YP Singh Column: Time for damage control to fix lapses in Salman case
It was on a dull afternoon in the monsoon of 2012 that I received information that the police were manipulating the Salman Khan trial. This information was verified, and the inferences from it were startling.
One could see that the case had languished for about eight years, even though the trial had commenced in right earnest. People had just forgotten about the case. No one was aware what was happening. The investigation had faltered on various counts. With a view to ensure that the case was woken from slumber, full facts were presented before the press on November 2, 2012. Thereafter, an application was made under Section 340 of the Code of Criminal Procedure (CrPC), 1973, before the court to take action against the cops who had faltered and had put out wrong facts. The court then issued summons to the police and also to Salman Khan.
Amidst all this, the case got transferred to the Sessions Court. Now, the ruling of the High Court is known to one and all.

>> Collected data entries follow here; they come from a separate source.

Definition theta_adj (m : nat) (l : 'I_m -> nat) : rel (theta_V l) :=
  fun x y =>
    match x, y with
    | inl a, inl b => (a != b) && [exists i, l i == 1]
    | inl a, inr q => @theta_end_adj m l a q
    | inr p, inl b => @theta_end_adj m l b p
    | inr p, inr q =>
        (tag p == tag q) &&
        (((val (tagged p)).+1 == val (tagged q)) ||
         ((val (tagged q)).+1 == val (tagged p)))
    end.

Definition graph_sq (T : finType) (e : rel T) : rel T :=
  fun x y => (x != y) && (e x y || [exists z, e x z && e z y]).

Definition ceil_div (n k : nat) : nat := (n + k.-1) %/ k.

(* equitable k-choosability; colours range over an arbitrary finite type
   (only finitely many colours occur in any list assignment) *)
Definition equitably_choosable (T : finType) (e : rel T) (k : nat) : Prop :=
  forall (C : finType) (L : T -> {set C}),
    (forall v, #|L v| = k) ->
    exists f : T -> C,
      (forall v, f v \in L v) /\
      (forall x y, e x y -> f x != f y) /\
      (forall c, #|[set v | f v == c]| <= ceil_div #|T| k).

(* lengths l_1 = 2, l_2 = ... = l_m = 4 (0-indexed) *)
Definition theta_lens (m : nat) : 'I_m -> nat :=
  fun i => if val i == 0 then 2 else 4.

From facts and law, it is apparent that the police weakened the case and committed lapses on several counts. The conduct of the police was intriguing and highly suspicious when the only surviving star eyewitness, Kamaal Khan — whose testimony was pivotal to the case — was dropped. This was after he had submitted a written bond undertaking to appear for deposition, and after summons had been issued by the Sessions court for his appearance.
Then, the police made a mockery of the trial, where, out of 64 witnesses against whom summons were issued, 37 were dropped. Many witnesses could have given testimonies crucial in proving the case. How could the police drop so many critical witnesses?
The police also made another glaring lapse during investigation — while they took statements of three less crucial witnesses before the Magistrate under Section 164 of the CrPC (Code of Criminal Procedure), they did not record the statements of star witnesses Kamaal Khan and Ravindra Patil. Both of them had deposed during the police investigation that it was Salman who was at the wheel.
What is further noteworthy is that the police’s role during the trial was highly passive. When the police got to know that Ashok Singh was falsely put up as the driver, they abdicated their statutory obligation to move for perjury charge, which would have ensured that the person giving false evidence could be punished in accordance with the law. Any aggressive prosecution machinery, committed to defending the case, would have done so. If this legal obligation were to have been accomplished, perhaps, the position of the prosecution in the High Court would have been much stronger.
When so many aforesaid circumstances were engineered by the prosecution to help Salman, the High Court verdict comes as no surprise. Nevertheless, the court could have invoked the option to send the case for retrial under Section 386 of the CrPC to rectify the defects.
But the next important question is should we keep quiet to see the offender walk free with a demeanour tinged with put-up redemption. Certainly not.
The prosecution has to retrieve the case by moving the Supreme Court, which can either convict the accused or put up the case for further investigation and trial. It is also necessary to figure out who were the cops who bestowed their statutory grace on Salman, and ensure they face the due consequences.
If, in this case, where the entire nation is watching, justice is not made synchronous with the judgment, the faith and confidence of the people in our criminal justice system shall be undermined. Hence, it is imperative to devise a strategy for damage control.